Community bankers are sensing a chance to poach clients from Wells Fargo as the financial giant struggles with a phony-account scandal.

Wells agreed to pay a $185 million fine, but the reputational toll could be much worse as negative press promises to extend into another week. It would please some executives at smaller institutions if such coverage lingers on even longer.

First Green Bancorp, for instance, is already in talks with its public relations team and an outside ad agency about ways to "pull out all the stops" to differentiate itself from Wells and other big banks, said Ken LaRoe, the Orlando, Fla., company's chief executive. He is also considering working with other area banks on an even bigger ad campaign.

"The main reason I want to do it is because I'm so sickened by the behavior of the big banks" that "continue to do slimy, scummy things," LaRoe said.

"I look and see what can really happen when you use businesses as a vehicle for good, as opposed to a vehicle for even evil," LaRoe added. "It's just disgusting that these banks haven't been punished or brought to their knees after they ruined the entire world economy."

It is unclear what kind of an impact, if any, a marketing campaign could have on Wells' customer base. The San Francisco company, for instance, is the third-largest bank in the Orlando area with $6.3 billion in deposits, or nearly 15% of the market, based on the latest data from the Federal Deposit Insurance Corp.

Broadly, advertising could usher in a new round of finger-pointing that has occurred often since the financial crisis, and smaller institutions will be tempted to use the scorcher at Wells to fortify an argument that big banks are too big to manage.
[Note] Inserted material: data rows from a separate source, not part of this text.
(** completeness of [H] for the metric d(f,g) = sqrt (ip (f-g) (f-g))
    (stated with squared distances). *)
Definition ip_complete (ip : H -> H -> R) : Prop :=
  forall u : nat -> H,
    (forall e : R, 0 < e -> exists N : nat, forall m n : nat,
        (N <= m)%N -> (N <= n)%N -> ip (u m - u n) (u m - u n) < e) ->
    exists l : H, forall e : R, 0 < e -> exists N : nat, forall n : nat,
        (N <= n)%N -> ip (u n - l) (u n - l) < e.

Definition hilbert_space (ip : H -> H -> R) : Prop :=
  inner_product ip /\ ip_complete ip.

(** [H] (with inner product [ip]) is a reproducing kernel Hilbert space of
    real functions on [TX], realised through the injective linear map
    [ev : H -> (TX -> R)], with feature map [phi] :
    f(x) = <f, phi x>  (reproducing property). *)
Definition RKHS {TX : Type} (ip : H -> H -> R) (ev : H -> TX -> R)
    (phi : TX -> H) : Prop :=
  [/\ hilbert_space ip,
      (forall (c : R) f g x, ev (c *: f + g) x = c * ev f x + ev g x),
      injective ev &
      (forall f x, ev f x = ip f (phi x))].
End hilbert.

Section condexp.
Context {d dZ : measure_display} {Omega : measurableType d}
  {TZ : measurableType dZ} {R : realType}.

Definition sigma_measurable (Z : Omega -> TZ) (W : Omega -> R) : Prop :=
  forall B : set R, measurable B ->
    exists C : set TZ, measurable C /\ W @^-1` B = Z @^-1` C.

Definition is_cond_exp (P : probability Omega R) (Z : Omega -> TZ)
    (V W : Omega -> R) : Prop :=
  [/\ sigma_measurable Z W,
      P.-integrable setT (fun w => (W w)%:E) &
      forall C : set TZ, measurable C ->
        (\int[P]_(w in Z @^-1` C) (W w)%:E =
         \int[P]_(w in Z @^-1` C) (V w)%:E)%E].
End condexp.

From HB Require Import structures.
From mathcomp Require Import all_boot all_order all_algebra.
From mathcomp Require Import all_classical all_reals all_analysis.
From mathcomp Require Import measurable_realfun ring lra.
Set Implicit Arguments.
Unset Strict Implicit.
Unset Printing Implicit Defensive.

Import Order.TTheory GRing.Theory Num.Theory.
Local Open Scope classical_set_scope.
Local Open Scope ring_scope.

(* Since Var E[A | Z] = 0, E[A | Z] is almost surely a constant m, so the
   regression residual V = Y - lam A + lam m, lam = Cov(A, Y) / Var A, has the
   same conditional expectation E[Y | Z] as Y.  Conditional expectation does
   not increase the variance, hence
   Var E[Y | Z] <= Var V = Var Y - Cov(A, Y)^2 / Var A.
   That last inequality is proved from the defining property of E[V | Z]
   alone: on a slab {c <= W < c + e} of W = E[V | Z], which is a sigma(Z)-event,
   W^2 <= 2cW + e^2 - c^2, whose integral equals that of 2cV + e^2 - c^2 <= V^2 + e^2;
   summing over all slabs gives E[W^2] <= E[V^2] + e^2. *)

Lemma floor_itvE (R : realType) (x e : R) (k : int) : 0 < e ->
  (k%:~R * e <= x < k%:~R * e + e) = (Num.floor (x / e) == k).
Proof.
move=> e0; have -> : (k%:~R * e <= x < k%:~R * e + e) = (k%:~R <= x / e < (k + 1)%:~R).
  by rewrite ler_pdivlMr // ltr_pdivrMr // intrD mulrDl mul1r.
by apply/idP/eqP => [/floor_def //| <-]; exact: floor_itv.
Qed.

Lemma inner_product_cauchy_schwarz (R : realType) (H : lmodType R)
    (ip : H -> H -> R) : inner_product ip ->
  forall f g, ip f g ^+ 2 <= ip f f * ip g g.
Proof.
case=> sym lin pos def f g.
have ip0 h : ip 0 h = 0.
  have := lin 1 0 0 h; rewrite scaler0 addr0 mul1r => E.
  by apply: (addrI (ip 0 h)); rewrite addr0 -E.
have [g0|gpos] := eqVneq (ip g g) 0.
  by rewrite (def _ g0) (sym f) !ip0 expr0n mulr0.
have gp : 0 < ip g g by rewrite lt_neqAle eq_sym gpos pos.
pose t := ip f g / ip g g.
have quad : ip ((- t) *: g + f) ((- t) *: g + f) =
    t ^+ 2 * ip g g - 2 * t * ip f g + ip f f.
  by rewrite lin (sym g) lin (sym f ((- t) *: g + f)) lin (sym g f); ring.
have := pos ((- t) *: g + f); rewrite quad -(pmulr_rge0 _ gp).
have -> : ip g g * (t ^+ 2 * ip g g - 2 * t * ip f g + ip f f) =
    ip f f * ip g g - ip f g ^+ 2 by rewrite /t; field; rewrite gpos.
by rewrite subr_ge0.
Qed.

Section finite_measure_affine.
Context d (T : measurableType d) (R : realType)
  (mu : {finite_measure set T -> \bar R}).

Lemma integral_EFin_cst (D : set T) (c : R) : measurable D ->
  (\int[mu]_(w in D) (cst c w)%:E = c%:E * mu D)%E.
Proof. by move=> mD; rewrite -integral_cst. Qed.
It is worth noting that community banks, on average, rely less on noninterest income to boost revenue than their bigger brethren.

The scandal at Wells is "one of the biggest blunders" by a bank that is unrelated to credit quality, said Tom Hall, president and CEO of Resurgent Performance in Atlanta. "To me, this is kind of devastating from the trust standpoint," added Hall, who has at times worked with bigger banks over his nearly 40 years in the industry.

While smaller institutions should try and capitalize on the Wells debacle, the key will be keeping the message positive, industry observers said.

"Long term, nobody likes a hater," said Chris Lorence, chief marketing officer of the Independent Community Bankers of America. "Talk about what you do well, not what someone else doesn't."

Any marketing needs to "tastefully" underscore the trust factor that people equate with community banks, Hall said. "Banks have to use this as an opportunity to create more trust with the children of the baby boomers that like the big banks," he said.

"Come back to the small-town bank, your community bank; we're not pushing the services, we're here to solve your problems," Hall added, tossing out several potential advertising concepts. "I think this is a great time for banks to leverage that."

Keeping things positive could prove challenging for the outspoken LaRoe. "I tend to go for the below the belt, so I'm going to seek wise counsel," he said.

"I'm sure my friends wouldn't want to do a below-the-belt thing," he added.